• INSTRUCTIONS FOR THE TASK: Using the records below, transcribe word for word the stretch from the line that contains "pose (st := nat_rect" through the line that contains "- intros x y _ _ Exy.", both end lines included, and nothing else.

________________________________________

(* If $G$ is a countably infinite HE-homogeneous graph satisfying property $(\ast)$, then $G$ is MB-homogeneous.
   Context: All graphs are undirected and loopless; subgraphs are induced. A homomorphism maps adjacent vertices to adjacent vertices; a monomorphism is an injective homomorphism; a bimorphism is a bijective endomorphism. $G$ is HE-homogeneous if every homomorphism between finite induced subgraphs of $G$ is the restriction of a surjective endomorphism of $G$; $G$ is MB-homogeneous if every monomorphism between finite induced subgraphs of $G$ is the restriction of a bimorphism of $G$. $G$ has property $(\ast)$ if for every surjective monomorphism $f:A\to B$ between finite induced subgraphs of $G$ and every vertex $c\notin A$ there exists a vertex $d\notin B$ such that $f\cup\{(c,d)\}$ is a homomorphism. *)

(* Finite induced subgraphs are given by
   finite vertex predicates; maps between them are total functions V -> V of
   which only the values on the domain matter. *)
From Stdlib Require Import List Classical ClassicalEpsilon.

Definition simple_graph {V : Type} (E : V -> V -> Prop) : Prop :=
  (forall x y, E x y -> E y x) /\ (forall x, ~ E x x).

Definition countably_infinite (V : Type) : Prop :=
  exists h : V -> nat, (forall x y, h x = h y -> x = y) /\ (forall n, exists x, h x = n).

Definition finite_set {V : Type} (A : V -> Prop) : Prop :=
  exists l : list V, forall x, A x <-> In x l.

Definition is_hom {V : Type} (E : V -> V -> Prop) (A B : V -> Prop) (f : V -> V) : Prop :=
  (forall x, A x -> B (f x)) /\
  (forall x y, A x -> A y -> E x y -> E (f x) (f y)).

Definition is_mono {V : Type} (E : V -> V -> Prop) (A B : V -> Prop) (f : V -> V) : Prop :=
  is_hom E A B f /\ (forall x y, A x -> A y -> f x = f y -> x = y).

Definition full {V : Type} : V -> Prop := fun _ => True.

Definition surj {V : Type} (g : V -> V) : Prop := forall y, exists x, g x = y.
Definition inj {V : Type} (g : V -> V) : Prop := forall x y, g x = g y -> x = y.

Definition restricts_to {V : Type} (g f : V -> V) (A : V -> Prop) : Prop :=
  forall x, A x -> g x = f x.

Definition HE_homogeneous {V : Type} (E : V -> V -> Prop) : Prop :=
  forall (A B : V -> Prop) (f : V -> V),
    finite_set A -> finite_set B -> is_hom E A B f ->
    exists g : V -> V, is_hom E full full g /\ surj g /\ restricts_to g f A.

Definition MB_homogeneous {V : Type} (E : V -> V -> Prop) : Prop :=
  forall (A B : V -> Prop) (f : V -> V),
    finite_set A -> finite_set B -> is_mono E A B f ->
    exists g : V -> V, is_hom E full full g /\ inj g /\ surj g /\ restricts_to g f A.

Definition extend_map {V : Type} (f : V -> V) (c d : V) : V -> V :=
  fun x => if excluded_middle_informative (x = c) then d else f x.

Definition add_vertex {V : Type} (A : V -> Prop) (c : V) : V -> Prop :=
  fun x => A x \/ x = c.

Definition property_star {V : Type} (E : V -> V -> Prop) : Prop :=
  forall (A B : V -> Prop) (f : V -> V),
    finite_set A -> finite_set B -> is_mono E A B f ->
    (forall y, B y -> exists x, A x /\ f x = y) ->
    forall c, ~ A c ->
    exists d, ~ B d /\ is_hom E (add_vertex A c) (add_vertex B d) (extend_map f c d).

(* A back-and-forth argument.  Enumerate V as v_0, v_1, ... and grow the
   given finite monomorphism f through finite monomorphisms f_0 = f,
   f_1, ... : at stage n, property (∗) puts v_n into the domain (forth) and
   HE-homogeneity puts v_n into the range (back).  For the back step,
   extend f_n to a surjective endomorphism g, pick a preimage x of v_n under
   g and add (x, v_n); as v_n is not yet a value of f_n, x is new and the
   extension stays injective.  The union of the chain is a bijective
   endomorphism extending f. *)
From Stdlib Require Import List Classical ClassicalEpsilon Lia PeanoNat.

Section BackAndForth.

Variables (V : Type) (E : V -> V -> Prop).

Definition local_mono (l : list V) (f : V -> V) : Prop :=
  (forall x y, In x l -> In y l -> f x = f y -> x = y) /\
  (forall x y, In x l -> In y l -> E x y -> E (f x) (f y)).

Record stage := Stage {
  stage_dom : list V;
  stage_map : V -> V;
  stage_mono : local_mono stage_dom stage_map }.

Definition extends (s s' : stage) : Prop :=
  forall x, In x (stage_dom s) ->
    In x (stage_dom s') /\ stage_map s' x = stage_map s x.

Definition covers (s : stage) (v : V) : Prop :=
  In v (stage_dom s) /\ exists x, In x (stage_dom s) /\ stage_map s x = v.

Lemma extends_refl (s : stage) : extends s s.
Proof. intros x Hx; auto. Qed.

Lemma extends_trans (s1 s2 s3 : stage) :
  extends s1 s2 -> extends s2 s3 -> extends s1 s3.
Proof.
  intros H12 H23 x Hx.
  destruct (H12 x Hx) as [Hx2 E2]; destruct (H23 x Hx2) as [Hx3 E3].
  split; [exact Hx3 | congruence].
Qed.

Lemma extend_map_at (f : V -> V) (c d : V) : extend_map f c d c = d.
Proof.
  unfold extend_map; destruct (excluded_middle_informative (c = c)); congruence.
Qed.

Lemma extend_map_off (f : V -> V) (c d x : V) :
  x <> c -> extend_map f c d x = f x.
Proof.
  intro Hx; unfold extend_map; destruct (excluded_middle_informative (x = c)); congruence.
Qed.

Lemma extend_map_off_list (l : list V) (f : V -> V) (c d x : V) :
  ~ In c l -> In x l -> extend_map f c d x = f x.
Proof. intros Hc Hx; apply extend_map_off; intros ->; contradiction. Qed.

Lemma extend_map_injective (l : list V) (f : V -> V) (c d : V) :
  ~ In c l -> (forall x, In x l -> f x <> d) ->
  (forall x y, In x l -> In y l -> f x = f y -> x = y) ->
  forall x y, In x (c :: l) -> In y (c :: l) ->
    extend_map f c d x = extend_map f c d y -> x = y.
Proof.
  intros Hc Hd Hinj x y [<- | Hx] [<- | Hy] Hxy; auto.
  - rewrite extend_map_at, (extend_map_off_list _ _ _ _ _ Hc Hy) in Hxy.
    exfalso; exact (Hd y Hy (eq_sym Hxy)).
  - rewrite extend_map_at, (extend_map_off_list _ _ _ _ _ Hc Hx) in Hxy.
    exfalso; exact (Hd x Hx Hxy).
  - rewrite !(extend_map_off_list _ _ _ _ _ Hc) in Hxy by assumption; auto.
Qed.

Lemma stage_add_pair (s : stage) (c d : V) :
  ~ In c (stage_dom s) ->
  (forall x, In x (stage_dom s) -> stage_map s x <> d) ->
  (forall x y, In x (c :: stage_dom s) -> In y (c :: stage_dom s) -> E x y ->
     E (extend_map (stage_map s) c d x) (extend_map (stage_map s) c d y)) ->
  exists s', extends s s' /\ In c (stage_dom s') /\ stage_map s' c = d.
Proof.
  intros Hc Hd Hedge.
  pose proof (stage_mono s) as [Hinj _].
  exists (Stage (c :: stage_dom s) (extend_map (stage_map s) c d)
            (conj (extend_map_injective _ _ _ _ Hc Hd Hinj) Hedge)).
  split; [| split; [left; reflexivity | apply extend_map_at]].
  intros x Hx; split; [right; exact Hx | apply (extend_map_off_list _ _ _ _ _ Hc Hx)].
Qed.

Lemma finite_list (l : list V) : finite_set (fun x => In x l).
Proof. exists l; tauto. Qed.

Lemma finite_image (l : list V) (f : V -> V) :
  finite_set (fun y => exists x, In x l /\ f x = y).
Proof. exists (map f l); intro y; rewrite in_map_iff; firstorder. Qed.

Lemma stage_is_mono (s : stage) :
  is_mono E (fun x => In x (stage_dom s))
    (fun y => exists x, In x (stage_dom s) /\ stage_map s x = y) (stage_map s).
Proof.
  destruct (stage_mono s) as [Hinj Hedge].
  split; [split|]; eauto.
Qed.

Lemma local_mono_of_mono (A B : V -> Prop) (f : V -> V) (l : list V) :
  (forall x, A x <-> In x l) -> is_mono E A B f -> local_mono l f.
Proof.
  intros HA [[_ Hedge] Hinj].
  split; intros x y Hx Hy; [apply Hinj | apply Hedge]; apply HA; assumption.
Qed.

Lemma stage_extend_dom (s : stage) (c : V) :
  property_star E -> exists s', extends s s' /\ In c (stage_dom s').
Proof.
  intro Hstar.
  destruct (classic (In c (stage_dom s))) as [Hc | Hc].
  { exists s; split; [apply extends_refl | exact Hc]. }
  destruct (Hstar _ _ _ (finite_list _) (finite_image _ _) (stage_is_mono s)
              ltac:(auto) c Hc) as [d [Hd [_ Hedge]]].
  destruct (stage_add_pair s c d Hc) as [s' [Hss' [Hcs' _]]].
  - intros x Hx Hfx; apply Hd; exists x; auto.
  - intros x y [<- | Hx] [<- | Hy]; apply Hedge; unfold add_vertex; auto.
  - exists s'; auto.
Qed.

Lemma stage_extend_range (s : stage) (v : V) :
  HE_homogeneous E ->
  exists s', extends s s' /\ exists x, In x (stage_dom s') /\ stage_map s' x = v.
Proof.
  intro HE.
  destruct (classic (exists x, In x (stage_dom s) /\ stage_map s x = v)) as [Hv | Hv].
  { exists s; split; [apply extends_refl | exact Hv]. }
  destruct (HE _ _ _ (finite_list _) (finite_image _ _) (proj1 (stage_is_mono s)))
    as [g [[_ Hg] [Hgsurj Hgf]]].
  destruct (Hgsurj v) as [c Hc].
  assert (Hcdom : ~ In c (stage_dom s))
    by (intro Hin; apply Hv; exists c; rewrite <- (Hgf c Hin); auto).
  assert (Hext_g : forall x, In x (c :: stage_dom s) ->
            extend_map (stage_map s) c v x = g x).
  { intros x [<- | Hx]; [rewrite extend_map_at; auto |].
    rewrite (extend_map_off_list _ _ _ _ _ Hcdom Hx); symmetry; auto. }
  destruct (stage_add_pair s c v Hcdom) as [s' [Hss' [Hcs' Hs'c]]].
  - intros x Hx Hfx; apply Hv; exists x; auto.
  - intros x y Hx Hy Exy; rewrite (Hext_g x Hx), (Hext_g y Hy).
    apply Hg; [exact I | exact I | exact Exy].
  - exists s'; eauto.
Qed.

Lemma stage_extend_cover (s : stage) (v : V) :
  property_star E -> HE_homogeneous E -> exists s', extends s s' /\ covers s' v.
Proof.
  intros Hstar HE.
  destruct (stage_extend_dom s v Hstar) as [s1 [H01 Hv1]].
  destruct (stage_extend_range s1 v HE) as [s2 [H12 Hv2]].
  exists s2; split; [exact (extends_trans _ _ _ H01 H12) |].
  split; [apply (H12 v Hv1) | exact Hv2].
Qed.

Lemma covering_chain (s0 : stage) (enum : nat -> V) :
  property_star E -> HE_homogeneous E ->
  exists st : nat -> stage, st 0 = s0 /\
    (forall n, extends (st n) (st (S n))) /\ (forall n, covers (st (S n)) (enum n)).
Proof.
  intros Hstar HE.
  pose (next s v := proj1_sig (constructive_indefinite_description _
                      (stage_extend_cover s v Hstar HE))).
  pose (st := nat_rect (fun _ => stage) s0 (fun n s => next s (enum n))).
  assert (Hnext : forall n, extends (st n) (st (S n)) /\ covers (st (S n)) (enum n))
    by (intro n; exact (proj2_sig (constructive_indefinite_description _
                          (stage_extend_cover (st n) (enum n) Hstar HE)))).
  exists st; split; [reflexivity | split; intro n; apply Hnext].
Qed.

Section Limit.

Variables (st : nat -> stage) (N : V -> nat).
Hypothesis st_extends : forall n, extends (st n) (st (S n)).
Hypothesis st_covers : forall v, covers (st (N v)) v.

Definition limit_map (x : V) : V := stage_map (st (N x)) x.

Lemma chain_extends (n m : nat) : n <= m -> extends (st n) (st m).
Proof.
  induction 1; [apply extends_refl | exact (extends_trans _ _ _ IHle (st_extends m))].
Qed.

Lemma limit_map_at_stage (x : V) (n : nat) :
  N x <= n -> In x (stage_dom (st n)) /\ stage_map (st n) x = limit_map x.
Proof. intro Hn; exact (chain_extends _ _ Hn x (proj1 (st_covers x))). Qed.

Lemma limit_map_eq (x : V) (n : nat) :
  In x (stage_dom (st n)) -> limit_map x = stage_map (st n) x.
Proof.
  intro Hx.
  destruct (limit_map_at_stage x (Nat.max n (N x))) as [_ <-]; [lia |].
  exact (proj2 (chain_extends _ _ (Nat.le_max_l n (N x)) x Hx)).
Qed.

Lemma limit_map_restricts :
  restricts_to limit_map (stage_map (st 0)) (fun x => In x (stage_dom (st 0))).
Proof.
  intros x Hx; exact (limit_map_eq x 0 Hx).
Qed.

Lemma limit_map_pair (x y : V) :
  exists n, In x (stage_dom (st n)) /\ In y (stage_dom (st n)) /\
    stage_map (st n) x = limit_map x /\ stage_map (st n) y = limit_map y.
Proof.
  exists (Nat.max (N x) (N y)).
  destruct (limit_map_at_stage x (Nat.max (N x) (N y))) as [Hx Ex]; [lia |].
  destruct (limit_map_at_stage y (Nat.max (N x) (N y))) as [Hy Ey]; [lia |].
  auto.
Qed.

Lemma limit_map_bimorphism :
  is_hom E full full limit_map /\ inj limit_map /\ surj limit_map.
Proof.
  split; [split; [intros; exact I |] | split].
  - intros x y _ _ Exy.
    destruct (limit_map_pair x y) as [n [Hx [Hy [<- <-]]]].
    exact (proj2 (stage_mono (st n)) x y Hx Hy Exy).
  - intros x y Hxy.
    destruct (limit_map_pair x y) as [n [Hx [Hy [Ex Ey]]]].
    apply (proj1 (stage_mono (st n))); congruence.
  - intro v. destruct (proj2 (st_covers v)) as [x [Hx <-]].
    exists x; exact (limit_map_eq x (N v) Hx).
Qed.

End Limit.

End BackAndForth.

Lemma countable_enumeration (V : Type) :
  countably_infinite V -> exists (enum : nat -> V) (idx : V -> nat), forall v, enum (idx v) = v.
Proof.
  intros [h [hinj hsurj]].
  exists (fun n => proj1_sig (constructive_indefinite_description _ (hsurj n))), h.
  intro v; apply hinj.
  exact (proj2_sig (constructive_indefinite_description _ (hsurj (h v)))).
Qed.

Theorem proposition4p6 (V : Type) (E : V -> V -> Prop) :
  simple_graph E -> countably_infinite V ->
  HE_homogeneous E -> property_star E -> MB_homogeneous E.
Proof.
  intros _ Hcount HE Hstar A B f [lA HlA] _ Hf.
  pose (s0 := Stage V E lA f (local_mono_of_mono V E A B f lA HlA Hf)).
  destruct (countable_enumeration V Hcount) as [enum [idx Henum]].
  destruct (covering_chain V E s0 enum Hstar HE) as [st [Hst0 [Hext Hcov]]].
  assert (Hcov_idx : forall v, covers V E (st (S (idx v))) v)
    by (intro v; rewrite <- (Henum v) at 2; apply Hcov).
  exists (limit_map V E st (fun v => S (idx v))).
  destruct (limit_map_bimorphism V E st _ Hext Hcov_idx) as [Hhom [Hinj Hsurj]].
  split; [exact Hhom | split; [exact Hinj | split; [exact Hsurj |]]].
  intros x Hx.
  assert (Hx0 : In x (stage_dom V E (st 0))) by (rewrite Hst0; apply HlA, Hx).
  rewrite (limit_map_restricts V E st _ Hext Hcov_idx x Hx0), Hst0; reflexivity.
Qed.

________________________________________

• RESPONSE BOX:
  pose (st := nat_rect (fun _ => stage) s0 (fun n s => next s (enum n))).
  assert (Hnext : forall n, extends (st n) (st (S n)) /\ covers (st (S n)) (enum n))
    by (intro n; exact (proj2_sig (constructive_indefinite_description _
                          (stage_extend_cover (st n) (enum n) Hstar HE)))).
  exists st; split; [reflexivity | split; intro n; apply Hnext].
Qed.

Section Limit.

Variables (st : nat -> stage) (N : V -> nat).
Hypothesis st_extends : forall n, extends (st n) (st (S n)).
Hypothesis st_covers : forall v, covers (st (N v)) v.

Definition limit_map (x : V) : V := stage_map (st (N x)) x.

Lemma chain_extends (n m : nat) : n <= m -> extends (st n) (st m).
Proof.
  induction 1; [apply extends_refl | exact (extends_trans _ _ _ IHle (st_extends m))].
Qed.

Lemma limit_map_at_stage (x : V) (n : nat) :
  N x <= n -> In x (stage_dom (st n)) /\ stage_map (st n) x = limit_map x.
Proof. intro Hn; exact (chain_extends _ _ Hn x (proj1 (st_covers x))). Qed.

Lemma limit_map_eq (x : V) (n : nat) :
  In x (stage_dom (st n)) -> limit_map x = stage_map (st n) x.
Proof.
  intro Hx.
  destruct (limit_map_at_stage x (Nat.max n (N x))) as [_ <-]; [lia |].
  exact (proj2 (chain_extends _ _ (Nat.le_max_l n (N x)) x Hx)).
Qed.

Lemma limit_map_restricts :
  restricts_to limit_map (stage_map (st 0)) (fun x => In x (stage_dom (st 0))).
Proof.
  intros x Hx; exact (limit_map_eq x 0 Hx).
Qed.

Lemma limit_map_pair (x y : V) :
  exists n, In x (stage_dom (st n)) /\ In y (stage_dom (st n)) /\
    stage_map (st n) x = limit_map x /\ stage_map (st n) y = limit_map y.
Proof.
  exists (Nat.max (N x) (N y)).
  destruct (limit_map_at_stage x (Nat.max (N x) (N y))) as [Hx Ex]; [lia |].
  destruct (limit_map_at_stage y (Nat.max (N x) (N y))) as [Hy Ey]; [lia |].
  auto.
Qed.

Lemma limit_map_bimorphism :
  is_hom E full full limit_map /\ inj limit_map /\ surj limit_map.
Proof.
  split; [split; [intros; exact I |] | split].
  - intros x y _ _ Exy.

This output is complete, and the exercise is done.